The well-known Egyptian novelist Ibrahim Abdel Meguid, a native of Alexandria and author of the “Alexandria Trilogy”: No One Sleeps in AlexandriaBirds of Amber, and Clouds Over Alexandria, has said that Lawrence Durrell had a “passing view” of Alexandria that was based on the communities with which he interacted in that city.

Meguid’s comments, which include a response to earlier criticism of Durrell from a leading Egyptian historian, Assem El- Desouky, professor emeritus of modern history at Helwan University.

El-Desouky had claimed that Fakhri Labib, the famous Egyptian activist and writer who translated the Alexandria Quartet into Arabic, had done so in order to expose Durrell’s “lies” about Egyptian society. Meguid’s remarks, and those of El-Desouky and Fakhri, offer compelling insights into Egyptian–and particularly Alexandrian–attitudes toward Durrell, and reflect that fact that there is a continued fascination with him, even if they are not always positive. Durrell and the Quartet are still very much part of the cultural conversation in Egypt, at least in Alexandria.

In comments to the Egyptian newspaper Al-Youm Al-Seba’a in February 2023, on the anniversary of Durrell’s birth, Meguid responded to El-Desouky’s criticisms and argued that the problem was actually the approach of historians to literature. Megiud said that historians were treating literature as if it were historical facts, when it is “primarily art and imagination.”

Meguid went on to touch on the issue raised by some critics, including Egyptian critics, of Durrell’s Quartet, namely his alleged racist attitude towards Egyptians:

Meguid commented that in the Quartet Durrell had written, for example, “And we went down to the Al-Attarin neighborhood, and we saw black or brown people.” Here, according to Meguid, “Durrell did not mean any insult to the Egyptians in this sentence, if we consider that he was British and lived with white people.”

To give you a flavour, this video shows what Al-Attarin street looks like now.

Meguid also said that Durrell’s view did not differ much from the Greek Egyptian poet Constantin P. Cavafy. Durrell saw Alexandria as “a global city, with tremendous fruits, a city that transcends time, and he was sympathetic to its people. Cavafy saw it as his city, as is the case with the Greeks who see themselves as those who made the city.”

I looked up El-Desouky’s remarks on the Alexandria Quartet, which are reported here in Arabic. The remarks were made at a symposium in 2017 at the Cairo International Book Fair, on the late writer, translator, leftist, and activist Fakhri Labib (February 7, 1928 – December 25, 2016). I mentioned Labib in an earlier post here–he famously translated the Alexandria Quartet into Arabic. El-Desouky says that Labib had claimed he translated Durrell’s works to expose that author’s lies about Egyptian society.
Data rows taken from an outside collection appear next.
Lemma bond_sum_excess (R : realFieldType) (c : nat -> nat -> R)
    (k m12 m13 m22 m23 m33 N : nat) :
  (m12 + m13 = k + 2)%N -> (m13 + m23 + 2 * m33 = 3 * k)%N ->
  (m12 + m13 + m22 + m23 + m33 = N.-1)%N -> (13 <= N)%N ->
  c 1 2 *+ m12 + c 1 3 *+ m13 + c 2 2 *+ m22 + c 2 3 *+ m23 + c 3 3 *+ m33 -
  (c 1 2 *+ 5 + c 2 2 *+ (N - 13) + c 2 3 *+ 5 + c 3 3 *+ 2) =
  (k%:R - 3) * (c 1 2 - 3 * c 2 2 + c 2 3 + c 3 3) +
  m13%:R * (c 1 3 + c 2 2 - c 1 2 - c 2 3) +
  (k%:R - 1 - m33%:R) * (2 * c 2 3 - c 2 2 - c 3 3).
Proof.
move=> e12 e23 e_edges N_ge13.
have e_total : (m12 + m13 + m22 + m23 + m33 + 1 = N)%N by lia.
have cast a b : a = b -> a%:R = b%:R :> R by move->.
move: (cast _ _ e12) (cast _ _ e23) (cast _ _ e_total); rewrite !natrD => F12 F23 Ftotal.
rewrite -!(mulr_natr (c _ _)) (natrB _ N_ge13).
have -> : m22%:R = N%:R - 3 - 4 * k%:R + m13%:R + m33%:R :> R by lra.
have -> : m12%:R = k%:R + 2 - m13%:R :> R by lra.
have -> : m23%:R = 3 * k%:R - m13%:R - 2 * m33%:R :> R by lra.
by ring.
Qed.

Lemma bond_sum_gap (R : realFieldType) (c : nat -> nat -> R)
    (k m12 m13 m22 m23 m33 N : nat) :
  0 < c 1 2 - 3 * c 2 2 + c 2 3 + c 3 3 -> 0 < c 1 3 + c 2 2 - c 1 2 - c 2 3 ->
  c 2 2 + c 3 3 < 2 * c 2 3 ->
  (m12 + m13 = k + 2)%N -> (m13 + m23 + 2 * m33 = 3 * k)%N ->
  (m12 + m13 + m22 + m23 + m33 = N.-1)%N -> (13 <= N)%N ->
  (3 <= k)%N -> (m33 < k)%N -> ~ (k = 3 /\ m13 = 0 /\ m33 = 2)%N ->
  c 1 2 *+ 5 + c 2 2 *+ (N - 13) + c 2 3 *+ 5 + c 3 3 *+ 2 <
  c 1 2 *+ m12 + c 1 3 *+ m13 + c 2 2 *+ m22 + c 2 3 *+ m23 + c 3 3 *+ m33.
Proof.
move=> gap_branch gap_13 gap_33 e12 e23 e_edges N_ge13 k_ge3 m33_lt not_omega.
rewrite -subr_gt0 (bond_sum_excess _ e12 e23 e_edges N_ge13).
set G1 := c 1 2 - 3 * c 2 2 + c 2 3 + c 3 3.
set G2 := c 1 3 + c 2 2 - c 1 2 - c 2 3.
set G3 := 2 * c 2 3 - c 2 2 - c 3 3.
have G3_gt0 : 0 < G3 by rewrite /G3; lra.
have k_ge3R : (3 : R) <= k%:R by rewrite (ler_nat R 3).
have m33_ltR : m33%:R + 1 <= k%:R :> R by rewrite natr1 ler_nat.
have t1 : 0 <= (k%:R - 3) * G1 by apply: mulr_ge0; [lra | exact: ltW].
have t2 : 0 <= m13%:R * G2 by apply: mulr_ge0 => //; exact: ltW.
have t3 : 0 <= (k%:R - 1 - m33%:R) * G3 by apply: mulr_ge0; [lra | exact: ltW].
have [k_gt3|m13_gt0|m33_small] : [\/ (3 < k)%N, (0 < m13)%N | (m33.+2 <= k)%N].
  have [/or3P|] := boolP [|| 3 < k, 0 < m13 | m33.+2 <= k]%N; first by [].
  by move=> /norP [] /negP ? /norP [] /negP ? /negP ?; lia.
- have : 0 < (k%:R - 3) * G1.
    by apply: mulr_gt0 => //; rewrite subr_gt0 (ltr_nat R 3).
  lra.
- have : 0 < m13%:R * G2 by apply: mulr_gt0; rewrite ?ltr0n.
  lra.
- have : 0 < (k%:R - 1 - m33%:R) * G3.
    apply: mulr_gt0 => //.
    have : m33%:R + 2 <= k%:R :> R by rewrite -natrD addn2 ler_nat.
    lra.
  lra.
Qed.

Lemma bond_index_omega_lt (R : realFieldType) (c : nat -> nat -> R) n (e : rel 'I_n) :
  (forall i j, c i j = c j i) ->
  0 < c 1 2 - 3 * c 2 2 + c 2 3 + c 3 3 -> 0 < c 1 3 + c 2 2 - c 1 2 - c 2 3 ->
  c 2 2 + c 3 3 < 2 * c 2 3 ->
  (13 <= n)%N -> is_tree e -> (forall v, deg e v <= 3)%N -> (3 <= num_deg e 3)%N ->
  ~ in_Omega e -> bond_index c (omega_tree n) < bond_index c e.
Proof.
move=> c_sym gap_branch gap_13 gap_33 n_ge13 e_tree e_deg3 k_ge3 e_notin.
have n_gt2 : (2 < n)%N by exact: leq_trans n_ge13.
have [_ [_ [_ [_ [o12 [o23 [o13 [o33 o22]]]]]]]] := omega_in_Omega n_ge13.
rewrite (bond_index_by_medges c_sym n_gt2 e_tree e_deg3).
rewrite (bond_index_by_medges c_sym n_gt2 (omega_is_tree n_ge13) (omega_deg_le3 n_ge13)).
rewrite o12 o23 o13 o33 o22 mulr0n addr0.
have [c1 c2 c3 c4 c5] := subcubic_tree_counts n_gt2 e_tree e_deg3.
have m33_lt := medges33_lt_num_deg3 e_tree (leq_trans (isT : 0 < 3)%N k_ge3).
apply: (bond_sum_gap (k := num_deg e 3)) => //; try lia.
by move=> [k_eq [m13_eq m33_eq]]; apply/e_notin/subcubic_in_Omega.
Qed.

Definition so_weight (R : rcfType) (i j : nat) : R :=
  Num.sqrt (i%:R ^+ 2 + j%:R ^+ 2).

Definition so_red_weight (R : rcfType) (i j : nat) : R :=
  Num.sqrt ((i%:R - 1) ^+ 2 + (j%:R - 1) ^+ 2).

Lemma SO_bond_index (R : realType) n (e : rel 'I_n) : SO R e = bond_index (so_weight R) e.
Proof. by []. Qed.

Lemma SO_red_bond_index (R : realType) n (e : rel 'I_n) :
  SO_red R e = bond_index (so_red_weight R) e.
Proof. by []. Qed.

Lemma so_weightC (R : rcfType) i j : so_weight R i j = so_weight R j i.
Proof. by rewrite /so_weight addrC. Qed.

Lemma so_red_weightC (R : rcfType) i j : so_red_weight R i j = so_red_weight R j i.
Proof. by rewrite /so_red_weight addrC. Qed.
El-Desouky added that, based on Fakhri Labib’s interest in the problems of Egyptian society, “he translated works that focused on the social framework, and this is where his translation of “The Alexandria Quartet” by Lawrence Durrell came from, despite Durrell’s criticism of Egyptian society. When Fakri was asked about the reasons for the translation despite what the novel contains, he said: I translated it so that people would know what this man said about [Egyptian society].”

Labib was a fascinating character. You can read about him in a lot more detail in this piece here by the Egyptian literature professor and translator Hala Halim, who actually interviewed Labib about his translation of Durrell’s Alexandria Quartet for her book Alexandrian Cosmopolitanism: An Archive (Fordham, NY: Fordham University Press, 2013) which “interrogates how modern Alexandria was nominated as the cosmopolitan Middle Eastern city par excellence.”

(In case you are wondering, Halim is also critical of the Durrell, and according to Richard Pine, regards him “primarily as a neo-colonialist; the Quartet “effects a […] transition from twilight-of empire […] to long-distance neocolonialism” using a false sense of Alexandria as a “cosmopolitan elite” and positing it as a hybrid: “neither solely as an extension of Greece/Europe nor as an ‘Oriental’ city”.)

NB I apologize for the formatting of this post. I have yet to get to grips with WordPress’s new block editing system which in my view is far inferior to the old system of just using HMTL.